August 18, 2011 | 5
The Cities are the topic of the month here at Scientific American (and at least this week on the blogs), so I should chime in on an aspect of urban ecology that I am comfortable discussing – the effects of increased light at night on animals.
Not all species of animals are negatively affected by the urban environments. Even humans are not driven to insanity by the urban jungle. Some species are really thriving – rats, mice, squirrels, bats, alligators in sewers, sparrows, pigeons, starlings, crows, house flies, mosquitoes and cockroaches come to mind. Many birds have evolved (or invented) quite nifty adaptations to urban life. Of course, animals we domesticated and keep as pets, like cats and dogs, don’t really care about the city vs. country, as long as they are with us and we take good care of them.
But there are definitely negative effects as well. After all, just counts and surveys of species make it obvious that many species are not thriving in dense urban ecosystems.
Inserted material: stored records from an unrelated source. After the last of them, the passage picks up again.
Lemma Dafter_ge_Din k p (X : R) : (p < np tr k)%N -> eps <= enorm (gradf k) ->
  0 < X -> X <= gdec * eps / (keg + 1) -> X <= Din eps gdec tr k p ->
  X <= Dafter eps gdec tr k p.
Proof.
move=> ltp geps X0 Xeps XD.
have -> : Dafter eps gdec tr k p = if crit eps tr k p
    then gdec ^+ ni tr k p * Din eps gdec tr k p else Din eps gdec tr k p.
  by case: p ltp XD.
case critp: (crit eps tr k p) => //.
have [_ /(_ k) [_ /(_ p ltp) [_ _ /(_ critp) [FL small _] _ _]] _ _ _] := run.
case nik: (ni tr k p) => [|i]; first by rewrite mul1r.
(* The loop did not stop at index i although the model was fully linear there,
   so eps <= |g_i| + keg D < (keg + 1) D for D = gdec^i Din. *)
set D := gdec ^+ i * Din eps gdec tr k p.
have D_gt0 : 0 < D by rewrite mulr_gt0 ?exprn_gt0 // (lt_le_trans X0).
have /FL[_ /(fully_linear_grad_le (ltW D_gt0)) gradD] : (i <= ni tr k p)%N.
  by rewrite nik.
have /small/negP : (i < ni tr k p)%N by rewrite nik.
rewrite -ltNge -/D => gD.
have epsD : eps <= (keg + 1) * D by rewrite mulrDl mul1r; lra.
rewrite exprS -mulrA -/D (le_trans Xeps) // ler_pdivrMr ?addr_gt0 //.
by rewrite -mulrA ler_pM2l // mulrC.
Qed.

Lemma Dafter_ge k (X : R) : eps <= enorm (gradf k) -> 0 < X ->
  X <= gdec * eps / (keg + 1) -> X <= Dst tr k ->
  forall p, (p < np tr k)%N -> X <= Dafter eps gdec tr k p.
Proof.
move=> geps X0 Xeps XD; elim=> [|p IH] ltp; apply: Dafter_ge_Din => //.
exact: IH (ltnW ltp).
Qed.

Lemma Delta_ge k (X : R) : eps <= enorm (gradf k) -> 0 < X ->
  X <= gdec * eps / (keg + 1) -> X <= Dst tr k -> X <= Delta k.
Proof. by move=> geps X0 Xeps XD; apply: Dafter_ge (fp_lt_np k). Qed.

Hypothesis HB : assumptionB eps gdec kH tr.

Local Notation gk k := (enorm (gvec (ck tr k) (Jk eps tr k))).

Lemma deck_ge k : 0 <= Delta k -> Delta k <= kH^-1 * gk k ->
  2^-1 * gk k * Delta k <= deck eps tr k.
Proof.
case: HB => _ /(_ k (fp tr k) (fp_lt_np k)) /= [dec_ge H_le] D_ge0 D_le.
move: dec_ge; rewrite -/(Jk eps tr k) -/(ck tr k) -/(Delta k) -/(deck eps tr k).
have H_gt0 : 0 < opnorm (Hmat (Jk eps tr k)) + 1 by rewrite ltr_wpDl ?opnorm_ge0.
have kH_gt0 : 0 < kH := lt_le_trans H_gt0 H_le.
suff /min_idPl -> : Delta k <= gk k / (opnorm (Hmat (Jk eps tr k)) + 1) by [].
by rewrite (le_trans D_le) // mulrC ler_wpM2l ?sqrtr_ge0 ?lef_pV2 ?posrE.
Qed.

Variable c : R.
Hypotheses (c_gt0 : 0 < c) (c_kH : c <= kH^-1).
Hypotheses (kef_ge0 : 0 <= kef) (c_kef : c * (4 * kef) <= 1 - eta2 - 2 * eta1').
Hypothesis eta2_le1 : eta2 <= 1.

Lemma rho_ge_eta2 k : FLk r kef keg eps gdec tr k -> 0 < Delta k ->
  Delta k <= c * gk k -> eta2 <= rho eps tr k.
Proof.
move=> FL D_gt0 D_le.
have [_ /(_ k) [_ /(_ (fp tr k) (fp_lt_np k)) [_ _ _ sk_le _]] _ _ _] := run.
have [model_err _] := FL _ sk_le.
have [_ _ /(_ k) [trial_err trial_acc] _ _] := run.
have dk_eq : deck eps tr k = sqobj (ck tr k) - mval (ck tr k) (Jk eps tr k) (sk tr k).
  by rewrite /deck /dec /mval mulmx0 addr0.
set D := Delta k in D_gt0 D_le model_err *; set g := gk k in D_le *.
set dk := deck eps tr k in trial_acc dk_eq *.
have g_gt0 : 0 < g by have := lt_le_trans D_gt0 D_le; rewrite pmulr_rgt0.
have dk_ge : 2^-1 * g * D <= dk.
  by apply: deck_ge (ltW D_gt0) (le_trans D_le _); rewrite ler_wpM2r ?sqrtr_ge0.
have dk_gt0 : 0 < dk by apply: lt_le_trans dk_ge; rewrite !mulr_gt0.
have a_ge0 : 0 <= 1 - eta2 - 2 * eta1'.
  by rewrite (le_trans _ c_kef) // !mulr_ge0 ?(ltW c_gt0).
(* The model error kef D^2 <= kef c g D is a fraction of the Cauchy decrease g D / 2. *)
have err_le : kef * D ^+ 2 <= (1 - eta2 - 2 * eta1') / 2 * dk.
  have e1 : kef * D ^+ 2 <= kef * D * (c * g).
    by rewrite expr2 mulrA ler_wpM2l ?mulr_ge0 ?(ltW D_gt0).
  have e2 : c * (4 * kef) * (g * D) <= (1 - eta2 - 2 * eta1') * (g * D).
    by rewrite ler_wpM2r ?mulr_ge0 ?(ltW g_gt0) ?(ltW D_gt0).
  have e3 : (1 - eta2 - 2 * eta1') * (2^-1 * g * D) <= (1 - eta2 - 2 * eta1') * dk.
    by rewrite ler_wpM2l.
  lra.
rewrite /rho -/dk ler_pdivlMr //.
move: model_err trial_err; rewrite !ler_norml => /andP[? ?] /andP[? ?].
have : 0 <= (1 - eta2) * dk by rewrite mulr_ge0 ?(ltW dk_gt0) // subr_ge0.
lra.
Qed.

Lemma Delta_gt_of_unsuccessful k : FLk r kef keg eps gdec tr k ->
  rho eps tr k < eta2 -> eps <= enorm (gradf k) -> 0 < Delta k ->
  c * eps / (keg + 1) < Delta k.
Proof.
move=> FL rho_lt geps D_gt0; rewrite ltNge; apply/negP => D_le.
move: rho_lt; rewrite ltNge => /negP; apply; apply: rho_ge_eta2 => //.
have grad_le := fully_linear_grad_le (ltW D_gt0) FL.
set g := gk k in grad_le *; set D := Delta k in D_gt0 D_le grad_le *.
have c_le1 : c <= 1.
  by case: HB => kH_ge1 _; rewrite (le_trans c_kH) // invf_le1 // (lt_le_trans ltr01).
(* eps <= g + keg D, hence D (keg + 1) <= c eps <= c g + keg D, i.e. D <= c g. *)
have : D * (keg + 1) <= c * eps by rewrite -ler_pdivlMr ?addr_gt0.
have : c * (keg * D) <= keg * D by rewrite ger_pMl // mulr_gt0.
have : c * eps <= c * (g + keg * D) by rewrite ler_wpM2l ?(ltW c_gt0) ?(le_trans geps).
lra.
Qed.

Hypotheses (gdec_le1 : gdec <= 1) (ginc_ge1 : 1 <= ginc).

Lemma Dst_succ_ge k (L : R) : eps <= enorm (gradf k) -> 0 < L -> L <= Dmax ->
  L <= c * eps / (keg + 1) -> gdec * L <= Delta k -> gdec * L <= Dst tr k.+1.
Proof.
move=> geps L_gt0 L_Dmax L_c LD.
have gL_le : gdec * L <= L by rewrite ger_pMl.
have D_gt0 : 0 < Delta k by rewrite (lt_le_trans _ LD) ?mulr_gt0.
have [_ _ _ /(_ k) [_ _ Dst_inc Dst_keep Dst_dec] _] := run.
have [rho_ge | rho_lt] := leP eta2 (rho eps tr k).
  rewrite Dst_inc // le_min (le_trans gL_le L_Dmax) andbT.
  by rewrite (le_trans LD) // ler_peMl // ltW.
have [FL | notFL] := pselect (FLk r kef keg eps gdec tr k); last by rewrite Dst_keep.
rewrite Dst_dec // ler_pM2l // (le_trans L_c) // ltW //.
exact: Delta_gt_of_unsuccessful.
Qed.

Lemma Dst_ge keps (L : R) : (forall k, (k <= keps)%N -> eps <= enorm (gradf k)) ->
  0 < L -> L <= D0 -> D0 <= Dmax ->
  L <= c * eps / (keg + 1) -> L <= gdec * eps / (keg + 1) ->
  forall k, (k <= keps)%N -> gdec * L <= Dst tr k.
Proof.
move=> geps L_gt0 L_D0 D0_Dmax L_c L_gdec.
have gL_le : gdec * L <= L by rewrite ger_pMl.
have [[_ Dst0 _] _ _ _ _] := run.
elim=> [|k IH] le_k; first by rewrite Dst0 (le_trans gL_le L_D0).
have le_k' := ltnW le_k.
apply: Dst_succ_ge (le_trans L_D0 D0_Dmax) L_c _ => //; first exact: geps.
by apply: Delta_ge (IH le_k'); rewrite ?mulr_gt0 ?geps ?(le_trans gL_le).
Qed.

End Run.

Theorem lemma8 (R : realType) (n d : nat) (r : 'cV[R]_d -> 'cV[R]_n)
  (kef keg kH Dmax gdec ginc eta1 eta2 eta1' eps : R)
  (th0 : 'cV[R]_d) (D0 : R) (tr : trace R n d) (keps : nat) :
  (0 < n)%N -> (0 < d)%N ->
  0 < kef -> 0 < keg ->
  0 < Dmax -> 0 < gdec -> gdec < 1 -> 1 < ginc ->
  0 < eta1 -> eta1 <= eta2 -> eta2 < 1 ->
  0 < eta1' -> eta1' < Num.min eta1 (1 - eta2) / 2 ->
  0 < eps -> eps < 1 ->
  0 < D0 -> D0 <= Dmax ->
  is_run r kef keg Dmax gdec ginc eta1 eta2 eta1' eps th0 D0 tr ->
  assumptionA r th0 Dmax ->
  assumptionB eps gdec kH tr ->
  (forall k, (k <= keps)%N -> eps <= enorm (grad (fobj r) (th tr k))) ->
  let c0 := Num.min ((1 - eta2 - 2 * eta1') / (4 * kef)) (1 / kH) in
  let Dmin := gdec * Num.min D0 (Num.min (c0 * eps / (keg + 1))
                                         (gdec * eps / (keg + 1))) in
  (forall k, (k <= keps)%N -> Dmin <= Delta eps gdec tr k) /\ 0 < Dmin.
Proof.
move=> _ _ kef_gt0 keg_gt0 _ gdec_gt0 gdec_lt1 ginc_gt1 _ _ eta2_lt1 _ eta1'_lt
  eps_gt0 _ D0_gt0 D0_Dmax run _ HB geps c0 Dmin.
have a_gt0 : 0 < 1 - eta2 - 2 * eta1'.
  have : eta1' < (1 - eta2) / 2.
    by rewrite (lt_le_trans eta1'_lt) // ler_wpM2r ?invr_ge0 ?ge_min ?lexx ?orbT.
  lra.
have [kH_ge1 _] := HB.
have c0_gt0 : 0 < c0 by rewrite lt_min !divr_gt0 ?mulr_gt0 ?(lt_le_trans ltr01 kH_ge1).
have c0_kH : c0 <= kH^-1 by rewrite ge_min div1r lexx orbT.
have c0_kef : c0 * (4 * kef) <= 1 - eta2 - 2 * eta1'.
  by rewrite -ler_pdivlMr ?mulr_gt0 // ge_min lexx.
rewrite /Dmin; set T := Num.min D0 _.
have T_gt0 : 0 < T by rewrite !lt_min D0_gt0 !divr_gt0 ?mulr_gt0 ?addr_gt0.
have [T_D0 T_c0 T_gdec] : [/\ T <= D0, T <= c0 * eps / (keg + 1)
                                      & T <= gdec * eps / (keg + 1)].
  by rewrite !ge_min !lexx !orbT.
split=> [k le_k|]; last exact: mulr_gt0.
have Dst_k := Dst_ge run keg_gt0 gdec_gt0 HB c0_gt0 c0_kH (ltW kef_gt0) c0_kef
  (ltW eta2_lt1) (ltW gdec_lt1) (ltW ginc_gt1) geps T_gt0 T_D0 D0_Dmax T_c0 T_gdec le_k.
apply: (Delta_ge run keg_gt0 gdec_gt0 (geps k le_k) _ _ Dst_k).
  exact: mulr_gt0.
by rewrite (le_trans _ T_gdec) // ger_pMl // ltW.
Qed.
Not all cities are the same either. A large, dense city is likely to be much less hospitable to many species than urban sprawl where much greenery and the original natural habitat are still preserved between the cul-de-sacs. Just watch the wilderness appearing on my back porch: skinks, tree frogs, Luna moths, white-tailed deer, rabbits, opossums, racoons, cicadas, endless species of birds…and I am in the middle of the Triangle, NC.
Large animals, in general, will not do well in cities, and not just because direct encounters with humans can often be deadly (imagine what would happen to a herd of bison if it tried to trek through streets of Manhattan?). Herbivores will be starved due to lack of plants, and carnivores will starve due to lack of herbivores. Thus many ecological factors affect the ability of species to adapt to the City – food, predators, shelter, and, importantly, noise.
But I will focus only on light today. Light pollution is often discussed in the context of impossibility to see the wonderful starry night, but effect of night light on wildlife is a problem beyond human esthetics – it has real-world consequences for the health of ecosystems. And the effect of light almost always involves, in some way, the circadian clock.
Circadian clock – a very, very quick primer
Circadian clock is a structure (in animals it is in the brain) that governs the daily rhythms of biochemistry, physiology and behavior.
All organisms living on or near the surface of the Earth have a circadian clock. Those that now live deep down inside the soil or rocks or caves, or on the bottom of the ocean, may have secondarily lost the clock that their ancestors once had [1,2].
Having a circadian clock is an adaptation to the cycles of day and night in the environment. Where such cycles are altered, e.g., near the poles, the animals have evolved the ability to turn their daily clocks on or off as appropriate.
Circadian clock keeps ticking in constant darkness, or constant dim light. But in many species, constant intense light disrupts the rhythm.
The clock is reset (entrained, synchronized) each day by the alternation of light and darkness. Species differ as to the intensity of light needed for this resetting to take place. While physiological laboratory experiments usually test the light intensity against the background of complete darkness (in which the sensory systems can get adapted to the dark and become more sensitive to light), it is the difference in light intensity between day and night that is of ecological relevance.
Clock is not a dictator
As much as the circadian clock is “hard-wired” in the brain and determined by the clock-work of genes turning each other on and off, there is still quite a lot of plasticity of behavior – animals can act against the signals from the clock and do stuff at odd times if needed.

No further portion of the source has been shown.